Это вы были неправы, отдавая их мне. Каждый из вас. Вы! – Он показал на первого студента, отдавшего кейси. – Вы были неправы, отдав мне первую монету. Почему вы сделали это?
– Вы мне сказали.
– Я обещал вам что-нибудь взамен?
– Нет.
– Я обещал, что отдам их, когда все кончится?
– Нет.
– Тогда почему вы мне их дали?
– Э-э…
– Правильно. Вы подарили их мне. Я их не отнимал. Так почему вы говорите, что я единственный, кто был не прав!
– У вас была армия!
– Не было, пока вы не дали мне деньги, чтобы платить ей. – Он сказал всей аудитории: – Вашей единственной ошибкой было промедление. Вам следовало восстать, когда я объявил себя вашим правительством. У меня не было права так делать, но вы мне позволили. Вы должны были потребовать ответственности тогда, прежде чем я получил достаточно денег, чтобы нанять армию.
Он был прав. Он взял нас тогда. Мы все были в легком замешательстве.
– Ну и что же нам теперь делать, – вздохнула Мариетта.
– Не знаю. Я больше не правительство. Вы меня свергли. Вы отобрали мою власть.
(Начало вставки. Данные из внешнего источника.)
(* Let $\mathcal{P}$ be a profile of unrooted phylogenetic trees whose display graph $G(\mathcal{P})$ is connected. Let $F$ be a nice minimal cut of $G(\mathcal{P})$ and let $G_1,G_2$ be the two connected components of $G(\mathcal{P})-F$. Then $\mathcal{L}(G_1)|\mathcal{L}(G_2)$ is a split of $\mathcal{L}(\mathcal{P})$, where $\mathcal{L}(G_i)$ denotes the set of leaves (elements of $\mathcal{L}(\mathcal{P})$) in $G_i$.
   Context: A phylogenetic tree $T$ is an unrooted tree whose leaves are bijectively labeled by $\mathcal{L}(T)$ (leaves identified with labels; internal vertices have degree at least three). A profile $\mathcal{P}=\{T_1,\dots,T_k\}$ is a finite collection of phylogenetic trees, $\mathcal{L}(\mathcal{P})=\bigcup_i\mathcal{L}(T_i)$; internal vertices of distinct trees are disjoint, while leaves with the same label are the same vertex. The display graph $G(\mathcal{P})$ has vertex set $\bigcup_i V(T_i)$ and edge set $\bigcup_i E(T_i)$. For a vertex $u$ of an input tree, $\mathrm{Inc}(u)$ is the set of edges of $G(\mathcal{P})$ incident with $u$. A split of a set $L$ is a bipartition of $L$ into two nonempty sets. A cut of a connected graph $G$ is $F\subseteq E(G)$ with $G-F$ disconnected; minimal if no proper subset is a cut (then $G-F$ has exactly two components). A cut $F$ of $G(\mathcal{P})$ is legal if for every $T\in\mathcal{P}$ there is $u\in V(T)$ with $F\cap E(T)\subseteq\mathrm{Inc}(u)$; nice if legal and every component of $G(\mathcal{P})-F$ contains at least one edge. *)

(* Graphs on a finite vertex type V; an edge is a 2-element
   subset of V, an edge set is a {set {set V}}. *)
From mathcomp Require Import all_boot.
Set Implicit Arguments. Unset Strict Implicit. Unset Printing Implicit Defensive.

Section Graphs.
Variable V : finType.

Definition adj (E : {set {set V}}) : rel V :=
  fun x y => (x != y) && ([set x; y] \in E).

Definition grel (W : {set V}) (E : {set {set V}}) : rel V :=
  fun x y => [&& x \in W, y \in W & adj E x y].

Definition is_graph (W : {set V}) (E : {set {set V}}) : Prop :=
  forall e, e \in E -> exists x y, [/\ x \in W, y \in W, x != y & e = [set x; y]].

Definition connected (W : {set V}) (E : {set {set V}}) : Prop :=
  W != set0 /\ forall x y, x \in W -> y \in W -> connect (grel W E) x y.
Все, что я теперь делаю – это следую приказам. Вашим приказам. Я сделаю с деньгами все, на что будет согласно большинство.
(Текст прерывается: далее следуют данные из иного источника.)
Lemma normX_lt_iff S x r : valid_space S -> inX S x -> 0 < r ->
  normX S x < r <-> modX S x < powX S r.
Proof.
  intros HS Hx Hr; pose proof (modX_nonneg S x HS Hx) as HM.
  destruct S as [p |]; simpl in *; [| tauto].
  split; intros H.
  - rewrite <- (rpow_rpow_inv (Series _) p) by lra.
    apply rpow_lt; [lra | apply rpow_nonneg; exact HM | exact H].
  - apply (rpow_lt_inv _ _ p); [lra | lra |]; rewrite rpow_rpow_inv; [exact H | lra | exact HM].
Qed.

Lemma modX_dominated S (x y z : seqC) c1 c2 eps : valid_space S -> 0 <= c1 -> 0 <= c2 -> 0 < eps ->
  (forall k, Cmod (x k) <= c1 * Cmod (y k) + c2 * Cmod (z k)) -> inX S y -> inX S z ->
  inX S x /\
  modX S x <= powX S ((1 + eps) * c1) * modX S y + powX S ((1 + / eps) * c2) * modX S z.
Proof.
  intros HS Hc1 Hc2 He Hxyz Hy Hz.
  assert (Hk : forall k, 0 <= powX S (Cmod (x k)) <=
      powX S ((1 + eps) * c1) * powX S (Cmod (y k)) +
      powX S ((1 + / eps) * c2) * powX S (Cmod (z k))).
  { intros k; split; [apply powX_nonneg, Cmod_ge_0 |].
    apply powX_dominated; auto using Cmod_ge_0. }
  destruct S as [p |]; simpl in *.
  - apply series_dominated; assumption.
  - assert (Hie : 0 < / eps) by (apply Rinv_0_lt_compat, He).
    apply sup_dominated; auto using Cmod_ge_0; nra.
Qed.

Lemma inX_dominated S (x y z : seqC) c1 c2 : valid_space S -> 0 <= c1 -> 0 <= c2 ->
  (forall k, Cmod (x k) <= c1 * Cmod (y k) + c2 * Cmod (z k)) -> inX S y -> inX S z -> inX S x.
Proof. intros; apply (modX_dominated S x y z c1 c2 1); auto; lra. Qed.

Lemma iter_lamB lam y n : Nat.iter n (lamB lam) y = fun k => (cpow lam n * y (k + n)%nat)%C.
Proof.
  induction n as [| n IH]; apply functional_extensionality; intros k; simpl.
  - rewrite Nat.add_0_r; ring.
  - rewrite IH; unfold lamB; rewrite <- Nat.add_succ_comm; ring.
Qed.

Lemma Cmod_cpow z k : Cmod (cpow z k) = Cmod z ^ k.
Proof. induction k as [| k IH]; simpl; [apply Cmod_1 | rewrite Cmod_mult, IH; ring]. Qed.

(* [poly_seq alpha m N x k] is convertible to [poly_sum alpha (List.seq m (S N - m)) (x k)]. *)
Definition poly_sum (alpha : nat -> C) (l : list nat) (z : C) : C :=
  List.fold_right Cplus (RtoC 0) (List.map (fun nu => Cmult (alpha nu) (cpow z nu)) l).

Definition coef_sum (alpha : nat -> C) (l : list nat) : R :=
  List.fold_right Rplus 0 (List.map (fun nu => Cmod (alpha nu)) l).

Lemma Cmod_poly_sum_le alpha l z c : (forall nu, List.In nu l -> Cmod z ^ nu <= c) ->
  Cmod (poly_sum alpha l z) <= c * coef_sum alpha l.
Proof.
  induction l as [| nu l IH]; intros Hl; unfold poly_sum, coef_sum in *; simpl.
  - rewrite Cmod_0; lra.
  - eapply Rle_trans; [apply Cmod_triangle |].
    rewrite Cmod_mult, Cmod_cpow, Rmult_plus_distr_l.
    apply Rplus_le_compat; [| apply IH; intros; apply Hl; right; assumption].
    rewrite Rmult_comm; apply Rmult_le_compat_r; [apply Cmod_ge_0 | apply Hl; left; reflexivity].
Qed.

Lemma coef_sum_nonneg alpha l : 0 <= coef_sum alpha l.
Proof.
  induction l as [| nu l IH]; unfold coef_sum in *; simpl; [lra |].
  pose proof (Cmod_ge_0 (alpha nu)); lra.
Qed.

Lemma poly_sum_split alpha m N z : (m <= N)%nat ->
  poly_sum alpha (List.seq m (S N - m)) z =
  (alpha m * cpow z m + poly_sum alpha (List.seq (S m) (N - m)) z)%C.
Proof. intros H; replace (S N - m)%nat with (S (N - m)) by lia; reflexivity. Qed.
Меньше тридцати секунд заняло вынести резолюцию, требующую возврата всех фондов, собранных бывшей налоговой системой.
Уайтлоу кивнул и открыл ящик стола. Он начал считать монеты: – Ха, у нас проблема: вас в аудитории сорок четыре, но здесь только тридцать кейси. Если вы помните, бывшее правительство потратило восемнадцать кейси на армию.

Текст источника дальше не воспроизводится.